### INFORMATION GIVEN
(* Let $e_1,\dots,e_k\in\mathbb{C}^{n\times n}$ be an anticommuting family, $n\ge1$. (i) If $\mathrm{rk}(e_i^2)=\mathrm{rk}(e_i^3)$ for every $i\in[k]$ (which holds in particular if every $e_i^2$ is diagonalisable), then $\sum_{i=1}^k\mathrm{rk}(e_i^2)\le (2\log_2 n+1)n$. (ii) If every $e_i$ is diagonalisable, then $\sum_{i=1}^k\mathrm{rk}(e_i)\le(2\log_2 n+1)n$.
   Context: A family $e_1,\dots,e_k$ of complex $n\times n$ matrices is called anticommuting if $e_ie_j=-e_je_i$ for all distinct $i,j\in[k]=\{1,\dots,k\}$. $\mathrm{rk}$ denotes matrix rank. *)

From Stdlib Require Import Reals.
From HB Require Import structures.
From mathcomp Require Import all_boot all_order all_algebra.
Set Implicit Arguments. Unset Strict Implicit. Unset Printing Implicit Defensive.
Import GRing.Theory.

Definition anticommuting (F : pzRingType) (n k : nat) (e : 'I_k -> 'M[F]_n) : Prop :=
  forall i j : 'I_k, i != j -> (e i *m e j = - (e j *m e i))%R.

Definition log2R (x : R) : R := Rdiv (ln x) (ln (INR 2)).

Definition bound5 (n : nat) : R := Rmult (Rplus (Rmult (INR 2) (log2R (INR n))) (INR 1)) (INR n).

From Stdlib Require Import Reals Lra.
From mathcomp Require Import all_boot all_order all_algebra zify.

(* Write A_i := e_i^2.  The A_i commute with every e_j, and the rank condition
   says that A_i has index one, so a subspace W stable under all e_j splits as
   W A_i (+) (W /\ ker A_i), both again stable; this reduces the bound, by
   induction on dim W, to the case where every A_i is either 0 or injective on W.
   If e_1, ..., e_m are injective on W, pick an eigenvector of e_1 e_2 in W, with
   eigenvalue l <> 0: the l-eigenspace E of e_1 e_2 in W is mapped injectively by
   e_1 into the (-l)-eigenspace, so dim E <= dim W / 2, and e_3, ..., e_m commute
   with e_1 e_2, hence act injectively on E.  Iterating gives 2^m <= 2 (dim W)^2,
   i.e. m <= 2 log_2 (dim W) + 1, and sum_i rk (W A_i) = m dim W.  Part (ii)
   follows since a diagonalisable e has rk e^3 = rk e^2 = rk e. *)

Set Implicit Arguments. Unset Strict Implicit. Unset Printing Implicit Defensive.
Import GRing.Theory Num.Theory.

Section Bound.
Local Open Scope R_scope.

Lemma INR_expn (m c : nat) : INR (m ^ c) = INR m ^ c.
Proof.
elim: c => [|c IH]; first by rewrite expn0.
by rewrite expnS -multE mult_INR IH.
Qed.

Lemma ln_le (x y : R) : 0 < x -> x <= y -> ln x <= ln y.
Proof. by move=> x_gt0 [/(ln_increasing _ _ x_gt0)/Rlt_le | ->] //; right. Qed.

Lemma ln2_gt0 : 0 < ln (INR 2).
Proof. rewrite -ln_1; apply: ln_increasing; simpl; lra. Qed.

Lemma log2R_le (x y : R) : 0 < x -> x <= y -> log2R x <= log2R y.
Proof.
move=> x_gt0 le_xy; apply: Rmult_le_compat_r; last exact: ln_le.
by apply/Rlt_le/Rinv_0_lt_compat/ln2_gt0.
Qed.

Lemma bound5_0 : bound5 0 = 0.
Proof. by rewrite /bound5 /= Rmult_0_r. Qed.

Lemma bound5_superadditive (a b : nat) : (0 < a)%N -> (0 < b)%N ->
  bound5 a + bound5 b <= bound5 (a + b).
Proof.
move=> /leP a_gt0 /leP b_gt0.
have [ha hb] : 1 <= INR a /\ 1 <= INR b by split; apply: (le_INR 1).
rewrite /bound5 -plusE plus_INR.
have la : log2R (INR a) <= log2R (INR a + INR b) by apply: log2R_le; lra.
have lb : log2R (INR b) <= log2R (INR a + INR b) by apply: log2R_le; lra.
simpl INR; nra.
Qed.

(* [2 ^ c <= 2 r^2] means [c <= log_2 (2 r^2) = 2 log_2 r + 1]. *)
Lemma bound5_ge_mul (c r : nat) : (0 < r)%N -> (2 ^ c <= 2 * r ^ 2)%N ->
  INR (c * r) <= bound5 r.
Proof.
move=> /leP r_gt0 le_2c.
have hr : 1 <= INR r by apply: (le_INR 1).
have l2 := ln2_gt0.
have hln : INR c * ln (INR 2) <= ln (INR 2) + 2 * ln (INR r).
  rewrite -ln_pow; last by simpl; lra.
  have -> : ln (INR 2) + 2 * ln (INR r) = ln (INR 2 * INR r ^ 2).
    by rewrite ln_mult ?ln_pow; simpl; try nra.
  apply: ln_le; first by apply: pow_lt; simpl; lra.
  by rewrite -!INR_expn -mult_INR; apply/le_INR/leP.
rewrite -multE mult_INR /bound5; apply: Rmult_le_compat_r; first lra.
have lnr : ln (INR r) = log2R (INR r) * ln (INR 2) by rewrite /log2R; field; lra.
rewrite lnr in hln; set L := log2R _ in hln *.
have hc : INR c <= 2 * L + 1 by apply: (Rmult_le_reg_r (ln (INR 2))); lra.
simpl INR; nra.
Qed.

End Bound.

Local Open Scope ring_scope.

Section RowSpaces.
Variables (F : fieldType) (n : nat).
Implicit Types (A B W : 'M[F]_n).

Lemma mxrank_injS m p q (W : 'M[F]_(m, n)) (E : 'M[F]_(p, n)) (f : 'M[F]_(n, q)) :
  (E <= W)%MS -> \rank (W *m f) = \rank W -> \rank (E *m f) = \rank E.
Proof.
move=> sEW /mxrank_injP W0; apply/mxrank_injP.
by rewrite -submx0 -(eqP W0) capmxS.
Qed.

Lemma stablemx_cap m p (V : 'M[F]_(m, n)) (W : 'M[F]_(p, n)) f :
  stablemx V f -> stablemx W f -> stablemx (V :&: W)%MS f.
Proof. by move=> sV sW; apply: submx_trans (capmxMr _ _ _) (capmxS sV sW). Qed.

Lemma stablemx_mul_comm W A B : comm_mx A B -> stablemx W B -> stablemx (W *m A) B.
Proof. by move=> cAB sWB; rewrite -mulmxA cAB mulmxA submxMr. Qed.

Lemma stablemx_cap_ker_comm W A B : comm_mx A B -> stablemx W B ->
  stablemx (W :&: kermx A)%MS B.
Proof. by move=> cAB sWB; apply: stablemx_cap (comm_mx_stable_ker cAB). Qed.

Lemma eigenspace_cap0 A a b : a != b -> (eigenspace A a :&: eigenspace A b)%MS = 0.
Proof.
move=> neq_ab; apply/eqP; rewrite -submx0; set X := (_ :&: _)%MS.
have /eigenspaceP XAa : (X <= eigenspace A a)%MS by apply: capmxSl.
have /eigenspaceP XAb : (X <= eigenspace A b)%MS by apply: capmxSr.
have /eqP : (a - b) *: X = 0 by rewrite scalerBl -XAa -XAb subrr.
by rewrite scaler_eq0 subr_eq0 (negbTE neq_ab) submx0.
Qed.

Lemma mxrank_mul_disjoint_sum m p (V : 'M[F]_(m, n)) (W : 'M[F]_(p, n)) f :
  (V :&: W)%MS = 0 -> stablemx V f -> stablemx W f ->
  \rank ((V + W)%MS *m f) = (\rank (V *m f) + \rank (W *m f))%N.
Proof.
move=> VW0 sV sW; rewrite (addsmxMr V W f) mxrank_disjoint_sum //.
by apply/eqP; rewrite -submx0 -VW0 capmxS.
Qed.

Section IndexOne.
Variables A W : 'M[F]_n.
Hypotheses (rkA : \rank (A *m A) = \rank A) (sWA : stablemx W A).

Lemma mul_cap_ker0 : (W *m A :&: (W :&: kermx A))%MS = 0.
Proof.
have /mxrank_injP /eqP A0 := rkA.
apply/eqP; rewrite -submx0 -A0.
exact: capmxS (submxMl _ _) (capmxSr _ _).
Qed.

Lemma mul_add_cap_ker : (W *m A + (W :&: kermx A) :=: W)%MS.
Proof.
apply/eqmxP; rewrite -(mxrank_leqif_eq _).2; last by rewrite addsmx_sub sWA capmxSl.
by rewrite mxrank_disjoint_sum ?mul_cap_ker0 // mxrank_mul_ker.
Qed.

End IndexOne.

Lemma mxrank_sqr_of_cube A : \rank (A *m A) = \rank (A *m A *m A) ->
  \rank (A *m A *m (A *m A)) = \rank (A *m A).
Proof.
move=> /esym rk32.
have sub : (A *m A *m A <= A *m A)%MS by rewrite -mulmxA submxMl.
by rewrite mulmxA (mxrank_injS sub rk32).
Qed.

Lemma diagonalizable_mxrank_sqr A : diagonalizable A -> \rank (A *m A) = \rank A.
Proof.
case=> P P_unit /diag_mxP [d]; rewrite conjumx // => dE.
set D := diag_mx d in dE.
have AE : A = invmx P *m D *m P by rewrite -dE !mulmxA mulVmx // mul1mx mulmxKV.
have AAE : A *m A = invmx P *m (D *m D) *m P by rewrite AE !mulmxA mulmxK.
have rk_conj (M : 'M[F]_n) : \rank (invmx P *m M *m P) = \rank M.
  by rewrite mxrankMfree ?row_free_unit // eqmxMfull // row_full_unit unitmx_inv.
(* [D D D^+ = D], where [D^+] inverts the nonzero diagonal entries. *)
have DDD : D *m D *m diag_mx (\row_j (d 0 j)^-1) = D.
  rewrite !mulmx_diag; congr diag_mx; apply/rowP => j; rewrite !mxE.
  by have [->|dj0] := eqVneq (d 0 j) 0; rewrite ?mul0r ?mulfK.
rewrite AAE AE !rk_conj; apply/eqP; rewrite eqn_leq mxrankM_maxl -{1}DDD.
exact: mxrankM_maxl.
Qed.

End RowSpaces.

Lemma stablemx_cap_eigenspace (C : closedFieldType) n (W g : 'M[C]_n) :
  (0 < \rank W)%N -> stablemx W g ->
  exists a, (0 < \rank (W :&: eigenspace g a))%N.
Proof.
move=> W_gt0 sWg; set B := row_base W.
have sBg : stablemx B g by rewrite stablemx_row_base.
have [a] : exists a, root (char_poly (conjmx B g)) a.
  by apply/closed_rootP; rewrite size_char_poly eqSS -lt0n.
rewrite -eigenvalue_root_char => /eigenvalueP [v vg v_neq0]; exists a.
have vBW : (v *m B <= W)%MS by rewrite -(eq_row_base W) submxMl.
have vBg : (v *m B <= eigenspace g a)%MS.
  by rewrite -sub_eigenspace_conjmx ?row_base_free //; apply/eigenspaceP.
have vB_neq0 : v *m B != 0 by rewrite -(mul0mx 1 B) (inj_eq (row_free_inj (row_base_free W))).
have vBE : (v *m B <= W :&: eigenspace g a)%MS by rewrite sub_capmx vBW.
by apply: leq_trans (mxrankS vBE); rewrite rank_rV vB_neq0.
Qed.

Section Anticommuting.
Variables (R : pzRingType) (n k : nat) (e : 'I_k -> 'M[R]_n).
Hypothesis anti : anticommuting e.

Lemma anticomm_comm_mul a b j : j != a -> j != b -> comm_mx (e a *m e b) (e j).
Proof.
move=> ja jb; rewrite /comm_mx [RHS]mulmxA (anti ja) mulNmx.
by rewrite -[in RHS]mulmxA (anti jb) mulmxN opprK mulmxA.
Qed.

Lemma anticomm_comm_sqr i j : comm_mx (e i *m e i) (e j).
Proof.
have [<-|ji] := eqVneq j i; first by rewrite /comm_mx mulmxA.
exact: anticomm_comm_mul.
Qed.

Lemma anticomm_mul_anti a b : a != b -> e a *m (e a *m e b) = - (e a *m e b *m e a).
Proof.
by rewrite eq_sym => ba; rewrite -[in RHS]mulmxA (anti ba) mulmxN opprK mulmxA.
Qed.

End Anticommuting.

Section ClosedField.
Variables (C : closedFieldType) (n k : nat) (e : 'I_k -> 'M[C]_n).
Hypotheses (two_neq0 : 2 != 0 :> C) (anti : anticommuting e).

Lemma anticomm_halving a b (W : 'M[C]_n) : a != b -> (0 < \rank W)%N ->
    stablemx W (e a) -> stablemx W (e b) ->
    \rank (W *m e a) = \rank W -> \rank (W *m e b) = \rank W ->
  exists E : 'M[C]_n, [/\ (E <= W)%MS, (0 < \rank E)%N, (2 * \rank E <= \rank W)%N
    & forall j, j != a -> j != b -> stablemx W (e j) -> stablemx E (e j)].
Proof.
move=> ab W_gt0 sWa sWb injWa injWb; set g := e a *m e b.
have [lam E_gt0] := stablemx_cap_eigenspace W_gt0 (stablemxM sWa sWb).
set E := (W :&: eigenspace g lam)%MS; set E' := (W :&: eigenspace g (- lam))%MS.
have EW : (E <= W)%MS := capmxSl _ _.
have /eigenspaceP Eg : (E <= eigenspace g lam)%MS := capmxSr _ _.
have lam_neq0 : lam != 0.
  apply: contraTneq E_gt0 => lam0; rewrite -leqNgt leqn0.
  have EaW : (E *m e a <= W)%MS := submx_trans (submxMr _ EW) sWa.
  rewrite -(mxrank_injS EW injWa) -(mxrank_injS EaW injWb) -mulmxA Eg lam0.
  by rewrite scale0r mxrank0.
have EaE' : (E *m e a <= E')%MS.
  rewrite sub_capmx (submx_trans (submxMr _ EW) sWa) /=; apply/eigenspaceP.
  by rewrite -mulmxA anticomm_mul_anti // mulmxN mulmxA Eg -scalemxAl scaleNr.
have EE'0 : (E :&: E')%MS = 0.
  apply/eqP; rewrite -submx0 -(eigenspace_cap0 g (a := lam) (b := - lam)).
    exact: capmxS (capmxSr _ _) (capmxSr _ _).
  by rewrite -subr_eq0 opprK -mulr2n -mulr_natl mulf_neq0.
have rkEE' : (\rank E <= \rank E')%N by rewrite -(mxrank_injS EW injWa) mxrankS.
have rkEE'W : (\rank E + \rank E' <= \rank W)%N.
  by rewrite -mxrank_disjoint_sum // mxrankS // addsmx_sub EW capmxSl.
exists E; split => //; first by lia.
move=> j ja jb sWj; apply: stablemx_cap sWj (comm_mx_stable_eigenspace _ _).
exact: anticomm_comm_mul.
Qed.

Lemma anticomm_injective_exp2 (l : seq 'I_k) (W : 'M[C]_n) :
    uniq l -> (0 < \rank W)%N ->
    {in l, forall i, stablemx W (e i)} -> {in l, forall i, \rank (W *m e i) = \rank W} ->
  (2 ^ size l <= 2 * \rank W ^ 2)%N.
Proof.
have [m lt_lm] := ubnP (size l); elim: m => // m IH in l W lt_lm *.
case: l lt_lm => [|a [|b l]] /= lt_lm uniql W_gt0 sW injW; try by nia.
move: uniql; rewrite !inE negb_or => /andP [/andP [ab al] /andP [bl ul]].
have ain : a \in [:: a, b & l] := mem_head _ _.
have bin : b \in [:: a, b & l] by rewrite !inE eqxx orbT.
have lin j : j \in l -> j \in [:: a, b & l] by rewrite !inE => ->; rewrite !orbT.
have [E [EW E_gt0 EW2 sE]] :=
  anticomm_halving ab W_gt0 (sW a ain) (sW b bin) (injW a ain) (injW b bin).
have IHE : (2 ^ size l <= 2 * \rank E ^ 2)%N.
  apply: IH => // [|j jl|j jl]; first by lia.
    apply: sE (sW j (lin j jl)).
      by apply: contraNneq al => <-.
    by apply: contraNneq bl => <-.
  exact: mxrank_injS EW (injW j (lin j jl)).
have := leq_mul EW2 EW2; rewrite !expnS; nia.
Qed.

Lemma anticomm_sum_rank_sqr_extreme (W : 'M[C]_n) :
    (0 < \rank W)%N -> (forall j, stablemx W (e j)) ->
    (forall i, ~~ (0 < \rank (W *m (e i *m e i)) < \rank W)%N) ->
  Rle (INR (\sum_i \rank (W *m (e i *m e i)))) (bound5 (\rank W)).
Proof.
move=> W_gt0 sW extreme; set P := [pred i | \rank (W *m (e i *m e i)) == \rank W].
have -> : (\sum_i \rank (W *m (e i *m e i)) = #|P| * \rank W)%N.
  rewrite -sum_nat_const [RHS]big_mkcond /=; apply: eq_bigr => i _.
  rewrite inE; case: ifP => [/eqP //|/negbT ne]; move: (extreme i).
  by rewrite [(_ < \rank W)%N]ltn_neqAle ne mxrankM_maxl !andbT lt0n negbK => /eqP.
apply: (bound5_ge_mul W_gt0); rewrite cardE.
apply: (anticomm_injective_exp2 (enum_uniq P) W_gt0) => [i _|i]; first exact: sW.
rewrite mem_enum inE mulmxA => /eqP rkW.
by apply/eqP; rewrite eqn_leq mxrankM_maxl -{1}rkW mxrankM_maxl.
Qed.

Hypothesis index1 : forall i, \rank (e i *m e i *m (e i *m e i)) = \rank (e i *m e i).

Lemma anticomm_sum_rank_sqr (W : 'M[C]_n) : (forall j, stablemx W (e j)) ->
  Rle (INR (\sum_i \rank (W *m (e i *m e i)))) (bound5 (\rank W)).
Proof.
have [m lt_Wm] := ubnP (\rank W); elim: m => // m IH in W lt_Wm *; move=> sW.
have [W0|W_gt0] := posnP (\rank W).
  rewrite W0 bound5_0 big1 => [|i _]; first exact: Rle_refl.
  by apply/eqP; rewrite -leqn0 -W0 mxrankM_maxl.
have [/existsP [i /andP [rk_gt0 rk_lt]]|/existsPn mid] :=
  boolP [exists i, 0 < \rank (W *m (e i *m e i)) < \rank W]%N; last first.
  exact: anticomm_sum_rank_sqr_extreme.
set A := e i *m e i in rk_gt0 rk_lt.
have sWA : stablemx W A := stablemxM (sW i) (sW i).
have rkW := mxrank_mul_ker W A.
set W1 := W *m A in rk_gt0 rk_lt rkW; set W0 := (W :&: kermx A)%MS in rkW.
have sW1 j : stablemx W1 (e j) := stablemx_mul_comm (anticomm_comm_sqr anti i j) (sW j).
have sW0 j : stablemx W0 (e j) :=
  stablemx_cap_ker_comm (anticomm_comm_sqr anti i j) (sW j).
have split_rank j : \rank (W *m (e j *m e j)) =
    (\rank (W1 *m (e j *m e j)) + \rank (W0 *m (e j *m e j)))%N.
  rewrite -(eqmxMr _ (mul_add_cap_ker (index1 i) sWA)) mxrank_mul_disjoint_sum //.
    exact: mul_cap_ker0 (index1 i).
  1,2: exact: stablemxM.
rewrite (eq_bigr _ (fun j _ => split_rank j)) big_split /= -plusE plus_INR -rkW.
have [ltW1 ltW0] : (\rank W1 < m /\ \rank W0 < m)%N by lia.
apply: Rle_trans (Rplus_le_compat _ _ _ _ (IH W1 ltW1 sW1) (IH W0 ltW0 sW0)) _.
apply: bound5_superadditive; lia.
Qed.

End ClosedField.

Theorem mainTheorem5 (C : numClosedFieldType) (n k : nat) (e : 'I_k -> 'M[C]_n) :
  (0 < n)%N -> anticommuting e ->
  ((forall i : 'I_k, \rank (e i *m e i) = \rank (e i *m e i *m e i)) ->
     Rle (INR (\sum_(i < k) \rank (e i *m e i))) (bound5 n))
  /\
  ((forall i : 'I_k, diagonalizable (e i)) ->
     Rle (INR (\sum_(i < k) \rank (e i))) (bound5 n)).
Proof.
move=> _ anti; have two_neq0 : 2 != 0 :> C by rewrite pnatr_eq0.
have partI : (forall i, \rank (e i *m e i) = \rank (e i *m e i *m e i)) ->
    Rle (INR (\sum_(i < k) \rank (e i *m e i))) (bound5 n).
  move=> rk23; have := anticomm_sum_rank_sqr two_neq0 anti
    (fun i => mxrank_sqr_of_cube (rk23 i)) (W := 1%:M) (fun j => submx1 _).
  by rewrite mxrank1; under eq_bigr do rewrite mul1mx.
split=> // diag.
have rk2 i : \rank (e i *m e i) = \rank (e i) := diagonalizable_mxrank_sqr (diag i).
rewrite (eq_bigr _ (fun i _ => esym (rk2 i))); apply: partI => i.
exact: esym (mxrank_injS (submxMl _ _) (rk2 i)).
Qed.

### WHAT TO WORK ON
Reply with a number alone, the number of lines of the records that hold the word "Hypothesis".

### TASK SOLUTION
2